Хотя в сравнении с этим первоначальным оптимизмом, полемика ЛЕФа со своими оппонентами становится в 1920-х годах в художественном отношении даже еще более радикальной, она в то же время отражает пошатнувшуюся уверенность авангарда в своей способности справиться с поставленными задачами собственными силами. Язык ЛЕФа постепенно все более «коммунизируется», и сам он все чаще оказывается готов увидеть силу, способную реализовать его проект, только в партии. Себе же он во все возрастающей степени отводит роль «спеца», работающего по партийному «социальному заказу», и в то же время наставника партии в вопросах искусства, способного разъяснить партийному руководству, где его подлинные друзья и враги, научить партию ставить себе конструктивные художественные задачи, отвечающие требованиям времени.
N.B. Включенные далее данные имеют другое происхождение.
(* Test the smoothness bound at z = x - L^-1 (grad F x - grad F y) A^-1,
   the minimiser of its right-hand side in the three-point identity. *)
Lemma bregman_cocoercive (F : V -> R) b c (L : R) (x y : V) :
  convex_fun F -> differentiable F y -> rel_smooth L F (quad A b c) -> 0 < L ->
  bil M (grad F x - grad F y) (grad F x - grad F y) <= 2 * L * bregman F x y.
Proof.
move=> cvxF dF smoothF L_gt0.
set w := grad F x - grad F y; set k := L^-1.
have Lk : L * k = 1 by rewrite mulfV // gt_eqF.
set z := x - k *: (w *m M).
have zx : z - x = (- k) *: (w *m M) by rewrite /z addrAC subrr add0r scaleNr.
have := bregman_ge0 z cvxF dF.
rewrite (bregman_three_point F x y z) -/w zx dotZr dotC dot_mulmx.
have := smoothF z x; rewrite bregman_quad // zx bilZl bilZr bil_invmx2.
move: (bil M w w) (bregman F z x) (bregman F x y) => q Dzx Dxy.
have -> : L * (2^-1 * (- k * (- k * q))) = (L * k) * (k * q) / 2 by ring.
rewrite Lk mul1r => smooth_zx three_point.
have kq_le : k * q / 2 <= Dxy by lra.
have := ler_wpM2l (ltW L_gt0) kq_le.
rewrite !mulrA Lk mul1r; lra.
Qed.

Lemma bregman_quad_step b c (z x w : V) (e : R) :
  bregman (quad A b c) z (x - e *: (w *m M))
  = bregman (quad A b c) z x + e * dot w (z - x) + e ^+ 2 / 2 * bil M w w.
Proof.
rewrite !bregman_quad //.
have -> : z - (x - e *: (w *m M)) = (z - x) + e *: (w *m M).
  by rewrite opprB addrCA addrC.
move: (z - x) => u.
rewrite !bilDl !bilDr !bilZl !bilZr bil_invmxl (bilC _ (w *m M) symA) bil_invmxl.
by rewrite bil_invmx2 expr2; field.
Qed.

End PositiveDefinite.
Lemma is_derive_line_gradient (y e g : 'cV[R]_n) (s : R) :
  is_gradient F (y + s *: e) g ->
  is_derive s 1 (fun t => F (y + t *: e)) (dotv g e).
Proof.
move=> [dF dFE].
(* the difference quotients of t |-> F (y + t e) at s are those of F at y + s e along e *)
have quotE : (fun h : R => h^-1 *: ((fun t => F (y + t *: e)) (h *: 1 + s) - F (y + s *: e)))
    = (fun h : R => h^-1 *: (F (h *: e + (y + s *: e)) - F (y + s *: e))).
  by apply/funext => h; rewrite [h *: 1]mulr1 addrCA -scalerDl addrC.
split; first by rewrite /derivable /= quotE; exact: diff_derivable.
by rewrite /derive /= quotE -/(derive F _ e) deriveE.
Qed.

Lemma line_gradient_ub (gF : 'cV[R]_n -> 'cV[R]_n) (y e : 'cV[R]_n) (t a b : R) :
  0 < t ->
  (forall s, 0 <= s <= t -> is_gradient F (y + s *: e) (gF (y + s *: e))) ->
  (forall s, 0 < s < t -> dotv (gF (y + s *: e)) e <= a + b * s) ->
  F (y + t *: e) <= F y + a * t + b / 2 * t ^+ 2.
Proof.
move=> t_gt0 gradF slope_le.
pose psi s := F (y + s *: e) - (a * s + b / 2 * s ^+ 2).
pose dpsi s := dotv (gF (y + s *: e)) e - (a + b * s).
have psi_derive s : 0 <= s <= t -> is_derive s 1 psi (dpsi s).
  (* [dF] is used through instance resolution for [is_derive] *)
  move=> /gradF /is_derive_line_gradient dF.
  by apply: is_derive_eq; rewrite /dpsi /GRing.scale /=; field.
have [c /[!in_itv] /= /andP[c_gt0 c_lt] psiE] :
    exists2 c, c \in `]0, t[ & psi t - psi 0 = dpsi c * (t - 0).
  apply: MVT => // [s /[!in_itv] /= /andP[s_gt0 s_lt]|].
    by apply: psi_derive; rewrite !ltW.
  apply: continuous_in_subspaceT => s /[!inE] /= /psi_derive [psi_der _].
  exact/differentiable_continuous/derivable1_diffP.
have : psi t <= psi 0.
  rewrite -subr_le0 psiE subr0 pmulr_lle0 // subr_le0.
  by apply: slope_le; rewrite c_gt0.
by rewrite /psi scale0r addr0 mulr0 expr0n /= mulr0 addr0 subr0; lra.
Qed.

End LineCalculus.

Definition bregman (R : realType) (n : nat) (omega : 'cV[R]_n -> R)
    (gradw : 'cV[R]_n -> 'cV[R]_n) (u z : 'cV[R]_n) : R :=
  omega u - omega z - dotv (gradw z) (u - z).

Definition prox_objective (R : realType) (n : nat) (omega h : 'cV[R]_n -> R)
    (gradw : 'cV[R]_n -> 'cV[R]_n) (g : 'cV[R]_n) (c : R) (x u : 'cV[R]_n) : R :=
  dotv g u + c * bregman omega gradw u x + h u.

Section ProxStep.
Variables (R : realType) (n : nat) (X : set 'cV[R]_n).
Hypothesis convX : convex_cV X.

Lemma convex_segment (x y : 'cV[R]_n) (s : R) :
  X x -> X y -> 0 <= s <= 1 -> X (x + s *: (y - x)).
Proof.
by move=> Xx Xy /andP[s_ge0 s_le1]; rewrite segmentE; apply: convX.
Qed.

Lemma strongly_convex_segment (mu : R) (h : 'cV[R]_n -> R) (x y : 'cV[R]_n) (t : R) :
  0 <= mu -> strongly_convex_on mu X h -> X x -> X y -> 0 <= t <= 1 ->
  h (x + t *: (y - x)) <= h x + t * (h y - h x).
Proof.
move=> mu_ge0 sc Xx Xy /andP[t_ge0 t_le1].
rewrite segmentE; apply: le_trans (sc _ _ _ Xy Xx t_ge0 t_le1) _.
have : 0 <= mu / 2 * t * (1 - t) * enorm (y - x) ^+ 2.
  by rewrite !mulr_ge0 ?subr_ge0 ?invr_ge0 ?exprn_ge0 ?enorm_ge0.
lra.
Qed.

Variables (f : 'cV[R]_n -> R) (gradf : 'cV[R]_n -> 'cV[R]_n).
Hypothesis gradfP : forall x, X x -> is_gradient f x (gradf x).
Так представлял себе задачу художник Борис Арватов, вышедший из Пролеткульта и ставший одним из основных теоретиков «продукционистского» ЛЕФа. Испытавший влияние господствовавшей в пролеткультовских кругах «всеобщей организационной науки» А. Богданова, призванной заменить созерцательное постижение законов, управляющих миром, конкретной организацией мира на новой основе, Арватов утверждает, что художники должны стать организаторами всей жизни общества, вплоть до мельчайших бытовых деталей, с тем чтобы придать миру новую художественную форму, соответствующую достигнутому уровню технического прогресса (т. е. привести мир в гармонию с прогрессом – все та же старая мысль Малевича). В то же время он ограничивает роль искусства поиском оптимальных средств для достижения тотальной организации, цели которой должны быть получены извне. «Из художников, – пишет Арватов, – должны сделаться сотрудники ученых, инженеров и административных работников» [19] . Таким образом, Арватов продолжает видеть цель искусства в создании замкнутого, автономного автореферентного целого, не отсылающего ни к чему внешнему, разве что функционально. Таким образом, произведение искусства у него продолжает ориентироваться на традиционный авангардистский идеал мотора внутреннего сгорания, в который он хотел бы обратить все общество. Но этот идеал уже утрачивает у него универсальное космическое измерение, характерное для авангарда Малевича и Хлебникова, замыкается в чисто социальной действительности, контролируемой определенными политическими силами, и перекладывает на эти силы – конкретно на Коммунистическую партию – основную тяжесть организационной работы, оставляя за художником лишь выполнение ограниченных функций в рамках единого «партийного заказа». Здесь, уже на территории самого авангарда и исходя из его собственного художественного проекта, осуществляется отказ от права первородства, уступка этого права действительной политической власти, которой, по существу, начинает отводиться роль авангардного художника – создание единого плана новой реальности. Требование тотальной политической власти, имманентно вытекающее из авангардистского художественного проекта, сменяется требованием к тоталитарной политической власти осознать свой проект как художественный.

19

Boris Arvatov. Kunst und Produktion. M"unchen, 1972. S. 18.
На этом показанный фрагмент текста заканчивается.